Description of the task: Exact reproduction required: the lines below from the line with "move=> px; apply: is_proj_eq" to the line with "(exists x, (Dprime", both ends included, and no others.

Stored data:
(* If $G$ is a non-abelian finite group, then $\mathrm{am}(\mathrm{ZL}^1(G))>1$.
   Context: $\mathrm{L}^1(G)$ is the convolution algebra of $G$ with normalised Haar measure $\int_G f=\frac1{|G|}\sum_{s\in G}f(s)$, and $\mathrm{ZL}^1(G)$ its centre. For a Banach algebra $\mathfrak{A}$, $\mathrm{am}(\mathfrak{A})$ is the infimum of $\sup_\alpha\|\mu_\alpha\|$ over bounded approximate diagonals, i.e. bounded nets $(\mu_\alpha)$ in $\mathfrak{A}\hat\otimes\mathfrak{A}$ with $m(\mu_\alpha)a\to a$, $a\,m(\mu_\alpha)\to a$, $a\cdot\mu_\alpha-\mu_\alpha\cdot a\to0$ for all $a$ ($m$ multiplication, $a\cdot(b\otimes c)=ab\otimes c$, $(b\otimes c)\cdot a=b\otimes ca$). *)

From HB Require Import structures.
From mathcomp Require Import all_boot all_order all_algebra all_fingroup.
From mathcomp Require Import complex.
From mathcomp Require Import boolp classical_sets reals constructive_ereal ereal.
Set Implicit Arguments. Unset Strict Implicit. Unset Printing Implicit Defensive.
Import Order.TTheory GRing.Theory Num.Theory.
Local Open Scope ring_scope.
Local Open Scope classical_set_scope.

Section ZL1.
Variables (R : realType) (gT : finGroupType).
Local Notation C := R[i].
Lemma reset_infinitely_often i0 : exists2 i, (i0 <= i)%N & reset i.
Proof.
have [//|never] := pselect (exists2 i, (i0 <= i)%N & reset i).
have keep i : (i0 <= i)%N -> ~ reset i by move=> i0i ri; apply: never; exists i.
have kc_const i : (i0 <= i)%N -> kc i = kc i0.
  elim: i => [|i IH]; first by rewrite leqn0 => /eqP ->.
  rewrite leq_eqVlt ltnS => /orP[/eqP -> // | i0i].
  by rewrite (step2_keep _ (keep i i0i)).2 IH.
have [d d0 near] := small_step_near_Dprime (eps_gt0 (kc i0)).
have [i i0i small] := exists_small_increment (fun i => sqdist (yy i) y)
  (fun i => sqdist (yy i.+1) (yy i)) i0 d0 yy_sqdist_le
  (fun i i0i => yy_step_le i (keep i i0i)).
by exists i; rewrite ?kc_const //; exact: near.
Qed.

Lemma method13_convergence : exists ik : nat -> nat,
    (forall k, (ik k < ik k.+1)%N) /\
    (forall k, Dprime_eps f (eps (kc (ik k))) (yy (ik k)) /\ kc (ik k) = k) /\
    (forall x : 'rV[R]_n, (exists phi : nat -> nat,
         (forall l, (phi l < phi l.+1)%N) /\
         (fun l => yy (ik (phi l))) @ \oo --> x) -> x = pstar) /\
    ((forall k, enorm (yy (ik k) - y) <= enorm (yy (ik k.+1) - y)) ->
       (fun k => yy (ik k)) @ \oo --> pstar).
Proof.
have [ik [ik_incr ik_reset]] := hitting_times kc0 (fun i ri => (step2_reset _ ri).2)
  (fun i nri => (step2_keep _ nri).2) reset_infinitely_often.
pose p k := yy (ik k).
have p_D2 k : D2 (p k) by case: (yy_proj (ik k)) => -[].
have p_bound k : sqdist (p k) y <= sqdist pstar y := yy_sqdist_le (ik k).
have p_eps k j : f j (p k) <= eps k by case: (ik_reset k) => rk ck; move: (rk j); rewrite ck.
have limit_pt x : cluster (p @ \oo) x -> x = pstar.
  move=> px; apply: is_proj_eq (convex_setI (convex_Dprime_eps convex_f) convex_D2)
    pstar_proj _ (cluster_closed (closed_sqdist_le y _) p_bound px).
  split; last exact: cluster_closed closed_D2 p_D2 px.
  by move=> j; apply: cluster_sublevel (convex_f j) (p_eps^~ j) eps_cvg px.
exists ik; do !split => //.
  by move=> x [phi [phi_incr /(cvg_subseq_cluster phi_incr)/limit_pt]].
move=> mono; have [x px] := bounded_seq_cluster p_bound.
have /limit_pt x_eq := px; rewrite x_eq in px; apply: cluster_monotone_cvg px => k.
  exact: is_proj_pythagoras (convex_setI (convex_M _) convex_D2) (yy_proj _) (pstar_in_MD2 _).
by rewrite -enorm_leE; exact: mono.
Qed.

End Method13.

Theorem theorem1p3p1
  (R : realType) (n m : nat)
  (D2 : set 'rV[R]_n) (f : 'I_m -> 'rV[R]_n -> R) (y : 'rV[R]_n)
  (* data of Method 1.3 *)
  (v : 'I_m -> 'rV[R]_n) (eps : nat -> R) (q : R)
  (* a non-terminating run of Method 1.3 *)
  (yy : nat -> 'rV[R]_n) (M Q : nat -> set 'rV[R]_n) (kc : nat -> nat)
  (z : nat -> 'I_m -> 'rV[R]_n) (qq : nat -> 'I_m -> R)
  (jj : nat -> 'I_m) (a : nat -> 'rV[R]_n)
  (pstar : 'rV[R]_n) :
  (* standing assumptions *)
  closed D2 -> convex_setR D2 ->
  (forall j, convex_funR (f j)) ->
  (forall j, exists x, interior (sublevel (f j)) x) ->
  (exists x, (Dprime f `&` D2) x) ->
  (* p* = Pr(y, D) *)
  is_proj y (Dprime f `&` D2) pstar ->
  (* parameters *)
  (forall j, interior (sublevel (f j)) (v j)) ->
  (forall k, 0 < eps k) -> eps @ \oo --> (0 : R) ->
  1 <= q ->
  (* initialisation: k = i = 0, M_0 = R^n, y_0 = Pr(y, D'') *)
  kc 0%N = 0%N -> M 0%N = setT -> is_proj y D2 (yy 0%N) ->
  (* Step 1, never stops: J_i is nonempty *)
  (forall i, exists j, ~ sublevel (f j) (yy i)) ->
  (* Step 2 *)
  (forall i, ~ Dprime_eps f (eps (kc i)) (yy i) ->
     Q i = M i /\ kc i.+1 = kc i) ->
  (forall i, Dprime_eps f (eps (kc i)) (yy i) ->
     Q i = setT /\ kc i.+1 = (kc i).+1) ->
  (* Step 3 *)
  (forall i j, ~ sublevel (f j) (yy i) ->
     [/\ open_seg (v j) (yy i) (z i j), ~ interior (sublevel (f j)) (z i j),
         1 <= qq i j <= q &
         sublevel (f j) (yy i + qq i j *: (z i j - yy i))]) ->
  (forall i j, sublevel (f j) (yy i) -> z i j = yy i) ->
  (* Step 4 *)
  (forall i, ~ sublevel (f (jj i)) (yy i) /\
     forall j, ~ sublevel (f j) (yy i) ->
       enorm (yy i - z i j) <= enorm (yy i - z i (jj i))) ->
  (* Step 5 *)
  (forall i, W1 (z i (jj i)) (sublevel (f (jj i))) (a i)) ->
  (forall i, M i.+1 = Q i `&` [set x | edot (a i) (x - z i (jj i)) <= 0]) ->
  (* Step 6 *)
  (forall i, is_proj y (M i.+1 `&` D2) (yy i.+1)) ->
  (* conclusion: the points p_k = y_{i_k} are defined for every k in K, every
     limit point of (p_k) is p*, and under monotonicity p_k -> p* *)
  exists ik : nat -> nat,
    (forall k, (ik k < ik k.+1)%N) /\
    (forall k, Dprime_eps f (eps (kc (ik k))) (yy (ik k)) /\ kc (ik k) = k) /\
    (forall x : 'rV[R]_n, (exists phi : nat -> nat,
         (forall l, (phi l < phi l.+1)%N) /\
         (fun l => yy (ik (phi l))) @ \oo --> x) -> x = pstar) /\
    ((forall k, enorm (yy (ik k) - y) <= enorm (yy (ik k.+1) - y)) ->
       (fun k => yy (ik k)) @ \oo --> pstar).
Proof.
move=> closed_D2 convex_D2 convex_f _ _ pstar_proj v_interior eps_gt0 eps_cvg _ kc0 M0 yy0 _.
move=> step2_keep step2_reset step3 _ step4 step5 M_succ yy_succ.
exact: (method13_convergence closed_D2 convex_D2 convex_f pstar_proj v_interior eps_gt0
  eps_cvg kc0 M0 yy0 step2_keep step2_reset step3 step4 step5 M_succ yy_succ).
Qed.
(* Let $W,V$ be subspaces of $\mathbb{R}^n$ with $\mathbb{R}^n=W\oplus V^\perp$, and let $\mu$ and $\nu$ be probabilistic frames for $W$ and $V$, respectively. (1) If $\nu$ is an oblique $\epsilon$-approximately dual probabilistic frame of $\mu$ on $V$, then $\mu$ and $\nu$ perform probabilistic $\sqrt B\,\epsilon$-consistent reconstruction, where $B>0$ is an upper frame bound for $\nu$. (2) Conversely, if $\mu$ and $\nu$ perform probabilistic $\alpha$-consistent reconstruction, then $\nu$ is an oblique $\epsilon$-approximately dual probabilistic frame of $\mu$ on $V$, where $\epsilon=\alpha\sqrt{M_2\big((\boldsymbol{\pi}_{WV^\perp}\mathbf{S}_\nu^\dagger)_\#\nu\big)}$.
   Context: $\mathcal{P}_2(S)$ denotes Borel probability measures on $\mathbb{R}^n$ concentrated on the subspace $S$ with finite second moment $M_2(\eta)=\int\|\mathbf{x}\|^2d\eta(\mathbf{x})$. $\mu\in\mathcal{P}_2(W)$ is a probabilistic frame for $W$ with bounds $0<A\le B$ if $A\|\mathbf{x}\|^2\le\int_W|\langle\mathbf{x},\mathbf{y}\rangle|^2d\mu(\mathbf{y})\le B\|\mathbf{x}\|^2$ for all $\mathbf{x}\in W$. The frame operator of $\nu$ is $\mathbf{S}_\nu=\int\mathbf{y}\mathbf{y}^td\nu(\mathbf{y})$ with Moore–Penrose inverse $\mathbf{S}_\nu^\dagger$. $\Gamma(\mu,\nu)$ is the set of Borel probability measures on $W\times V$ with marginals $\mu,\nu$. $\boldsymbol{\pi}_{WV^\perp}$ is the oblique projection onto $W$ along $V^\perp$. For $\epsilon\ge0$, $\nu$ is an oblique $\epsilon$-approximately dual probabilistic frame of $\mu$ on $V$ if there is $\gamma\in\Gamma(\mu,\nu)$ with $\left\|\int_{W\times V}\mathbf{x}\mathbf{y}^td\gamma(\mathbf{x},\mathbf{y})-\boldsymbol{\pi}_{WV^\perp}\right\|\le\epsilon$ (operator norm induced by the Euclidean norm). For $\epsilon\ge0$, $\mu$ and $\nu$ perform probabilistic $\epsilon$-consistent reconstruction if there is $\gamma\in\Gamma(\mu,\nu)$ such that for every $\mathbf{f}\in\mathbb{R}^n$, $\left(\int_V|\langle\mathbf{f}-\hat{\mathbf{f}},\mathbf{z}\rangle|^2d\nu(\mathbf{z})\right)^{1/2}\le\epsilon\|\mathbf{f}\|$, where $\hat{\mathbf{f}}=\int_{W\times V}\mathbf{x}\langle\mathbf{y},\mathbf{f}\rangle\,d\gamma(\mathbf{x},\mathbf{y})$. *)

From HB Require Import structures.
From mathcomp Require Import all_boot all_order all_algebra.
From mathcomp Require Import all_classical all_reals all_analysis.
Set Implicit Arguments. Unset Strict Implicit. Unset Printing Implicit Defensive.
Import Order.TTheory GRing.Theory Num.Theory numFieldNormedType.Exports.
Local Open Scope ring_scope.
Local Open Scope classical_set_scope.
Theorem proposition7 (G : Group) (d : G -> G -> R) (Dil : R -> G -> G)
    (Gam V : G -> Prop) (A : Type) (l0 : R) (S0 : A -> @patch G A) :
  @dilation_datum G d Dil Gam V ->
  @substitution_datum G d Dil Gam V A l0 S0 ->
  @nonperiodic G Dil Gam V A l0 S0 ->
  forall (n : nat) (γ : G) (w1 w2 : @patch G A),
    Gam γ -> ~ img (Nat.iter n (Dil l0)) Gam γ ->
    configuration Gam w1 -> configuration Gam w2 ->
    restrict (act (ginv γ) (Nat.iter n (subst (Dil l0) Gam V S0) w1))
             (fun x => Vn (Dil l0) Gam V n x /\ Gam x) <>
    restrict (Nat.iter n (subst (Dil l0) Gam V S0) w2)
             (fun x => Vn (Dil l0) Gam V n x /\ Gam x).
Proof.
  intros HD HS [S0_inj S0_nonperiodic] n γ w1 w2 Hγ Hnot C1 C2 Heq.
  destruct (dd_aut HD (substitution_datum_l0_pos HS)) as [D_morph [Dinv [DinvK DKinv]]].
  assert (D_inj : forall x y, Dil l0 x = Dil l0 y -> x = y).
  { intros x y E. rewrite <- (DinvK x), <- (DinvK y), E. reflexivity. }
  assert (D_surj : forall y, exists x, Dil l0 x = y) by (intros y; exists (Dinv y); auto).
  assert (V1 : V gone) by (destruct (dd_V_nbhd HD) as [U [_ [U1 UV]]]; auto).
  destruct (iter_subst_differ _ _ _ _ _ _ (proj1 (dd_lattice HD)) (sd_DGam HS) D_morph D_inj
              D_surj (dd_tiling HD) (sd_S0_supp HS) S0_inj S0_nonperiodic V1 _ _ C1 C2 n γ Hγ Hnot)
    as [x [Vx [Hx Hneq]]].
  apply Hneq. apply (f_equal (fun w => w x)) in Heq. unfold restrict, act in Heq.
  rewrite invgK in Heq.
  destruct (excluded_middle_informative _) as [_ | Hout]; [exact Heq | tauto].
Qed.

Task solution:
  move=> px; apply: is_proj_eq (convex_setI (convex_Dprime_eps convex_f) convex_D2)
    pstar_proj _ (cluster_closed (closed_sqdist_le y _) p_bound px).
  split; last exact: cluster_closed closed_D2 p_D2 px.
  by move=> j; apply: cluster_sublevel (convex_f j) (p_eps^~ j) eps_cvg px.
exists ik; do !split => //.
  by move=> x [phi [phi_incr /(cvg_subseq_cluster phi_incr)/limit_pt]].
move=> mono; have [x px] := bounded_seq_cluster p_bound.
have /limit_pt x_eq := px; rewrite x_eq in px; apply: cluster_monotone_cvg px => k.
  exact: is_proj_pythagoras (convex_setI (convex_M _) convex_D2) (yy_proj _) (pstar_in_MD2 _).
by rewrite -enorm_leE; exact: mono.
Qed.

End Method13.

Theorem theorem1p3p1
  (R : realType) (n m : nat)
  (D2 : set 'rV[R]_n) (f : 'I_m -> 'rV[R]_n -> R) (y : 'rV[R]_n)
  (* data of Method 1.3 *)
  (v : 'I_m -> 'rV[R]_n) (eps : nat -> R) (q : R)
  (* a non-terminating run of Method 1.3 *)
  (yy : nat -> 'rV[R]_n) (M Q : nat -> set 'rV[R]_n) (kc : nat -> nat)
  (z : nat -> 'I_m -> 'rV[R]_n) (qq : nat -> 'I_m -> R)
  (jj : nat -> 'I_m) (a : nat -> 'rV[R]_n)
  (pstar : 'rV[R]_n) :
  (* standing assumptions *)
  closed D2 -> convex_setR D2 ->
  (forall j, convex_funR (f j)) ->
  (forall j, exists x, interior (sublevel (f j)) x) ->
  (exists x, (Dprime f `&` D2) x) ->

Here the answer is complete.